Quäldende Monate vergehen, bis der 9. Februar 2012 die grausame Gewissheit bringt, dass Nelli Graf tot ist. Ihre Leiche wird von einem Landwirt im Tatenhausener Wald gefunden. Die Frau ist an den Händen mit Kabelbindern gefesselt, ihr Mund und ihre Augen wurden mit Panzerband zugeklebt. Sie wurde durch mehrere Messerstiche in den Oberkörper getötet.

„Wahrscheinlich ist der Täter jemand, der sich in der Region auskennt“, mutmaßt Lydia Benecke. Der Ort, den er wählte, um die Leiche zu verstecken, liege einsam und verborgen. Der Fundort der Leiche ist den Ermittlungen zufolge nicht der Tatort. „An der Toten wurden Fasern gesichert, wie man sie von Autositzbezügen kennt“, so die Kriminalpsychologin. Es sei also davon auszugehen, dass Nelli Graf an den Fundort transportiert wurde.

Großangelegte DNA-Entnahme bleibt erfolglos

„Warum verklebt man Mund und Augen?“ fragt die Expertin und liefert die Antworten selbst. „Der Täter wollte nicht, dass sie etwas sieht oder dass sie schreit. Mit zugeklebtem Mund und Augen hatte er die maximale Kontrolle über sein Opfer.“ 

Nach der Obduktion, bei der männliche DNA gesichert wurde, werden 7000 Männer zur Speichelprobe gebeten. Die Ermittler gehen davon aus, dass der Täter aus Halle kommt und Nelli Graf womöglich kannte. Die großangelegte DNA-Entnahme bleibt jedoch erfolglos.

Noch viele Fragen offen

Nach Auffassung von Lydia Benecke ist der Mord eine geplante Tat gewesen. „Niemand wartet mit Klebeband und Kabelbindern auf eine möglicherweise vorbeifahrende Frau“, sagt sie. War Nelli Graf das Zufallsopfer eines Täters mit Gewaltphantasien? Oder war sie das gezielte Opfer eines Menschen mit einem persönlichen Motiv? Weshalb fuhr sie in den Wald, obwohl ihre Schicht im Supermarkt kurz darauf beginnen sollte? Wurde sie sofort getötet oder möglicherweise erst nach Tagen?

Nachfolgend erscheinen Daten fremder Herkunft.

Lemma wronskian_small_near_0 (a0 : R) (A B : R -> R) (hi : R) :
  0 < hi ->
  filterlim A (at_right 0) (locally a0) ->
  filterlim (Derive A) (at_right 0) (locally 0) ->
  filterlim (fun h => (B h - B 0) / h) (at_right 0) (locally 0) ->
  (forall t, 0 < t < hi -> ex_derive B t) ->
  forall eps d, 0 < eps -> 0 < d -> exists t, 0 < t < d /\ Rabs (wronskian A B t) <= eps.
Proof.
  intros Hhi HA HdA HqB HB eps d He Hd.
  set (M := Rabs a0 + Rabs (B 0) + 2).
  assert (HM : 0 < M) by (unfold M; pose proof (Rabs_pos a0); pose proof (Rabs_pos (B 0)); lra).
  assert (He' : 0 < eps / M) by (apply Rdiv_lt_0_compat; lra).
  destruct (at_right_0_interval _
    (filter_and _ _ (filterlim_Rabs_lt _ _ 1 HA Rlt_0_1)
      (filter_and _ _ (filterlim_Rabs_lt _ _ _ HdA He')
         (filterlim_Rabs_lt _ _ 1 (right_quotient_continuous B 0 HqB) Rlt_0_1))))
    as [d0 [Hd0 Hnear]].
  destruct (derive_small_near_0 B hi Hhi HqB HB (eps / M) (Rmin d d0) He')
    as [t [Ht HdB]]; [apply Rmin_pos; lra|].
  pose proof (Rmin_l d d0). pose proof (Rmin_r d d0).
  exists t. split; [lra|].
  destruct (Hnear t ltac:(lra)) as [HAt [HdAt HBt]].
  rewrite Rminus_0_r in HdAt.
  assert (HAt' : Rabs (A t) <= Rabs a0 + 1).
  { replace (A t) with (a0 + (A t - a0)) by ring.
    eapply Rle_trans; [apply Rabs_triang | lra]. }
  assert (HBt' : Rabs (B t) <= Rabs (B 0) + 1).
  { replace (B t) with (B 0 + (B t - B 0)) by ring.
    eapply Rle_trans; [apply Rabs_triang | lra]. }
  replace eps with ((Rabs a0 + 1) * (eps / M) + eps / M * (Rabs (B 0) + 1))
    by (unfold M in *; field; lra).
  unfold wronskian. eapply Rle_trans; [apply Rabs_triang|]. rewrite Rabs_Ropp, !Rabs_mult.
  apply Rplus_le_compat; apply Rmult_le_compat; try apply Rabs_pos; lra.
Qed.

„Es sind viele Fragen, die offen sind“, sagt Lydia Benecke. Sicher ist, dass die Polizei die Akte Nelli Graf noch nicht geschlossen hat. „Wenn Sie Hinweise geben können, melden Sie sich bei der Polizei“, wird am Ende des Beitrags über Nelli Graf auf dem Bildschirm eingeblendet.